+++ EXERCISE MATERIAL

Lemma measure_notin01 (A : set R) : measurable A -> A `<=` ~` I01 -> mu A = 0%E.
Proof.
move=> mA AI; have mI := @measurable_I01 R.
have muC0 : mu (~` I01) = 0%E by rewrite probability_setC // mu01 subee.
exact: (subset_measure0 mA (measurableC mI) AI).
Qed.

Lemma mu_image_Smap a (B : set R) : measurable B -> B `<=` I01 ->
  mu (Smap a @` B) = ((letter_weight a)%:E * mu B)%E.
Proof.
move=> mB BI; rewrite mu_selfsim; last exact: measurable_image_Smap.
have preimage_same b : Smap b @^-1` (Smap b @` B) = B.
  by apply/seteqP; split => x /= => [[y By /Smap_inj <-] | Bx] //; exists x.
have preimage_other : Smap (~~ a) @^-1` (Smap a @` B) `<=` ~` I01.
  move=> x [y By E] x01; have [] := eq_Smap01 x01 (BI _ By) (esym E).
  by case: a {E}.
have mpre b : measurable (Smap b @^-1` (Smap a @` B)).
  exact: (measurable_preimage_Smap b (measurable_image_Smap a mB)).
rewrite /S0 /S2; case: a preimage_other mpre => /= Pother mpre.
  by rewrite (measure_notin01 (mpre false) Pother) preimage_same mule0 add0e.
by rewrite (measure_notin01 (mpre true) Pother) preimage_same mule0 adde0.
Qed.

Lemma mu_Cantor_level n : mu (Cantor_level n) = 1%E.
Proof.
elim: n => [|n IH] /=; first exact: mu01.
have mL := @measurable_Cantor_level R n.+1.
have preimage1 b : mu (Smap b @^-1` Cantor_level n.+1) = 1%E.
  have mpre := measurable_preimage_Smap b mL.
  apply/eqP; rewrite eq_le probability_le1 //= -IH le_measure ?inE //.
    exact: measurable_Cantor_level R n.
  by move=> x Lx /=; case: b {mpre}; [right | left]; exists x.
by rewrite mu_selfsim //= /S0 /S2 !preimage1 !mule1 -EFinD subrKC.
Qed.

++++++

■ EXERCISE BRIEF:
Set down, exactly as they appear, the lines above from the first one to the line that holds "rewrite /S0 /S2;", both included, please, and no others.

■ OUTPUT BELOW:
Lemma measure_notin01 (A : set R) : measurable A -> A `<=` ~` I01 -> mu A = 0%E.
Proof.
move=> mA AI; have mI := @measurable_I01 R.
have muC0 : mu (~` I01) = 0%E by rewrite probability_setC // mu01 subee.
exact: (subset_measure0 mA (measurableC mI) AI).
Qed.

Lemma mu_image_Smap a (B : set R) : measurable B -> B `<=` I01 ->
  mu (Smap a @` B) = ((letter_weight a)%:E * mu B)%E.
Proof.
move=> mB BI; rewrite mu_selfsim; last exact: measurable_image_Smap.
have preimage_same b : Smap b @^-1` (Smap b @` B) = B.
  by apply/seteqP; split => x /= => [[y By /Smap_inj <-] | Bx] //; exists x.
have preimage_other : Smap (~~ a) @^-1` (Smap a @` B) `<=` ~` I01.
  move=> x [y By E] x01; have [] := eq_Smap01 x01 (BI _ By) (esym E).
  by case: a {E}.
have mpre b : measurable (Smap b @^-1` (Smap a @` B)).
  exact: (measurable_preimage_Smap b (measurable_image_Smap a mB)).
rewrite /S0 /S2; case: a preimage_other mpre => /= Pother mpre.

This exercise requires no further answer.